- About this task
Print nothing but the lines below starting at the line that holds "M). split; [simpl; tauto|]." and ending at the line that holds "- rewrite sarea_MUQ. nra.", including both, each exactly as written.

- Input records
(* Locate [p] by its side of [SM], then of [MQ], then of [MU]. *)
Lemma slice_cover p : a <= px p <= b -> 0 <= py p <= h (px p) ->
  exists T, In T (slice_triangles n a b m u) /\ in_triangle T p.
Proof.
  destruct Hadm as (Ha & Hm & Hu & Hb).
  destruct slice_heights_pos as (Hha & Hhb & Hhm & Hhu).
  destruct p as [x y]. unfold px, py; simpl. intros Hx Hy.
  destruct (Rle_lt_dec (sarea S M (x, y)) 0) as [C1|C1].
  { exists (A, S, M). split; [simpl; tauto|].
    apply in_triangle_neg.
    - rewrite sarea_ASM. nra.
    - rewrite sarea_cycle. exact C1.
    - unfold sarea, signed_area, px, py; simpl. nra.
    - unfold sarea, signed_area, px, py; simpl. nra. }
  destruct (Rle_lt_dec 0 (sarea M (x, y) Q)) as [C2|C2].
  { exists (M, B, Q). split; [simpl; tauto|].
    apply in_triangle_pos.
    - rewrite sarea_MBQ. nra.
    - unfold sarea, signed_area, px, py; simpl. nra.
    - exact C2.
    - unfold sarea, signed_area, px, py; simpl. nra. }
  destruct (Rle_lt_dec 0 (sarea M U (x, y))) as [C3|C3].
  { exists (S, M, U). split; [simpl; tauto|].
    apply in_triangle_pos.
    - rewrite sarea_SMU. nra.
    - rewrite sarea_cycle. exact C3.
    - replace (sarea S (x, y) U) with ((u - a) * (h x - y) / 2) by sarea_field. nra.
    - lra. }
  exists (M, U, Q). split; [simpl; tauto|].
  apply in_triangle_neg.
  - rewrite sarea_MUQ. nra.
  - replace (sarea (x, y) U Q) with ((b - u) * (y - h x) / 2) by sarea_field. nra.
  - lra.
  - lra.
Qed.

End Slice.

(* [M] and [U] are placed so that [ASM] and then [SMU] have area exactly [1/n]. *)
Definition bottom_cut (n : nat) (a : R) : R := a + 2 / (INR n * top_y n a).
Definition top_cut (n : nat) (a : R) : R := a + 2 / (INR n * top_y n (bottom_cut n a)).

- Answer box
  { exists (A, S, M). split; [simpl; tauto|].
    apply in_triangle_neg.
    - rewrite sarea_ASM. nra.
    - rewrite sarea_cycle. exact C1.
    - unfold sarea, signed_area, px, py; simpl. nra.
    - unfold sarea, signed_area, px, py; simpl. nra. }
  destruct (Rle_lt_dec 0 (sarea M (x, y) Q)) as [C2|C2].
  { exists (M, B, Q). split; [simpl; tauto|].
    apply in_triangle_pos.
    - rewrite sarea_MBQ. nra.
    - unfold sarea, signed_area, px, py; simpl. nra.
    - exact C2.
    - unfold sarea, signed_area, px, py; simpl. nra. }
  destruct (Rle_lt_dec 0 (sarea M U (x, y))) as [C3|C3].
  { exists (S, M, U). split; [simpl; tauto|].
    apply in_triangle_pos.
    - rewrite sarea_SMU. nra.
    - rewrite sarea_cycle. exact C3.
    - replace (sarea S (x, y) U) with ((u - a) * (h x - y) / 2) by sarea_field. nra.
    - lra. }
  exists (M, U, Q). split; [simpl; tauto|].
  apply in_triangle_neg.
  - rewrite sarea_MUQ. nra.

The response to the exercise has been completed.